Paul Verlaine

Guerrière, militaire et virile en tout point

Guerrière, militaire et virile en tout point,
La sainte Chasteté que Dieu voit la première,
De toutes les vertus marchant dans sa lumière
Après la Charité distante presque point,
 
Va d’un pas assuré mieux qu’aucune amazone
A travers l’aventure et l’erreur du Devoir,
Ses yeux grands ouverts pleins du dessein de bien voir,
Son corps robuste et beau digne d’emplir un trône,
 
Son corps robuste et nu balancé noblement.
Entre une tête haute et des jambes sereines,
Du port majestueux qui sied aux seules reines,
Et sa candeur la vêt du plus beau vêtement.
 
Elle sait ce qu’il faut qu’elle sache des choses.
Entre autres que Jésus a fait l’homme de chair
Et mis dans notre sang un charme doux-amer
D’où doivent découler nos naissances moroses.
 
Et que l’amour charnel est bénit en des cas.
Elle préside alors et sourit à ces fêtes,
Dévêt la jeune épouse avec ses mains honnêtes
Et la mène à l’époux par des tours délicats.
 
Elle entre dans leur lit, lève le linge ultime,
Guide pour le baiser et l’acte et le repos
Leurs corps voluptueux aux fins de bons propos
Et désormais va vivre entre eux leur ange intime.
 
Puis au-dessus du couple ou plutôt à côté,
—Bien agir fait s’unir les vœux et les nivelle,—
Vers le Vierge et la Vierge isolés dans leur belle
Thébaïde à chacun la sainte Chasteté.
 
Sans quitter les Amants, par un charmant miracle,
Vole et vient rafraîchir l’Intacte et l’Impollu
De gais parfums de fleurs comme s’il avait plu
D’un bon orage sur l’un et sur l’autre habitacle,
 
Et vêt de chaleur douce au point et de jour clair
La cellule du Moine et celle de la Nonne,
Car s’il nous faut souffrir pour que Dieu nous pardonne.
Du moins Dieu veut punir, non torturer la chair.
 
Elle dit à ces chers enfants de l’Innocence :
Dormez, veillez, priez.
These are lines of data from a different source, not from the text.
Section LinearCrownFree.
Variables (T : finType) (E : {set {set T}}).
Hypothesis card_edge : forall f, f \in E -> #|f| = 3.
Hypothesis linearE : forall f g, f \in E -> g \in E -> f != g -> #|f :&: g| <= 1.
Hypothesis crown_freeE : crown_free E.

Lemma edge_neq a b c : [set a; b; c] \in E -> [/\ a != b, a != c & b != c].
Proof. by move/card_edge/set3_neq. Qed.

Lemma edge_eq f g u v : f \in E -> g \in E -> u != v ->
  u \in f -> v \in f -> u \in g -> v \in g -> f = g.
Proof.
move=> fE gE uv uf vf ug vg; apply/eqP; apply: contraNT uv => fg.
by apply/eqP/(card_le1_eqP (linearE fE gE fg)); rewrite inE ?uf ?ug ?vf ?vg.
Qed.

Lemma notin_edge f g u v : f \in E -> g \in E -> f != g ->
  u \in f -> u \in g -> v \in f -> v != u -> v \notin g.
Proof.
move=> fE gE fg uf ug vf vu; apply: contraNN fg => vg.
by apply/eqP; apply: (edge_eq fE gE vu).
Qed.

Lemma edge_set3 f a b c : f \in E -> a \in f -> b \in f -> c \in f ->
  a != b -> a != c -> b != c -> f = [set a; b; c].
Proof.
move=> fE af bf cf ab ac bc; apply/eqP; rewrite eq_sym eqEcard (card_edge fE).
apply/andP; split; first by apply/subsetP => u; rewrite !inE -!orbA => /or3P[] /eqP->.
by rewrite -setUA !cardsU1 cards1 !inE negb_or ab ac bc.
Qed.

Lemma card_edgeD1 f u : f \in E -> u \in f -> #|f :\ u| = 2.
Proof. by move=> fE uf; apply/eqP; rewrite -eqSS -(card_edge fE) (cardsD1 u f) uf. Qed.

Lemma edge_through f a : f \in E -> a \in f -> exists b c, f = [set a; b; c].
Proof.
move=> fE af; have /cards2P[b [c [_ fDa]]] : #|f :\ a| == 2 by rewrite card_edgeD1.
by exists b, c; rewrite -(setD1K af) fDa setUA.
Qed.

Lemma edge_through2 f a b : f \in E -> a \in f -> b \in f -> a != b ->
  exists c, f = [set a; b; c].
Proof.
move=> fE af bf ab; have [b' [c ef]] := edge_through fE af.
move: bf; rewrite ef !inE -!orbA => /or3P[/eqP ba|/eqP->|/eqP->]; first by rewrite ba eqxx in ab.
  by exists c.
by exists b'; apply/setP => u; rewrite !inE orbAC.
Qed.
Priez surtout, afin
Que vous n’ayez pas fait tous ces travaux en vain.
Humilité, douceur et céleste ignorance !
 
Enfin elle va chez la Veuve et chez le Veuf,
Chez le vieux Débauché, chez l’Amoureuse vieille,
Et leur tient des discours qui sont une merveille
Et leur refait, à force d’art, un corps tout neuf.
 
Et quand alors elle a fini son tour du monde,
Tour du monde ubiquiste, invisible et présent,
Elle court à son point de départ en faisant
Tel grand détour, espoir d’espérance profonde ;
 
Et ce point de départ est un lieu bien connu,
Eden même : là sous le chêne et vers la rose.
Puisqu’il paraît qu’il n’a pas faire autre chose,
Rit et gazouille un beau petit enfant tout nu.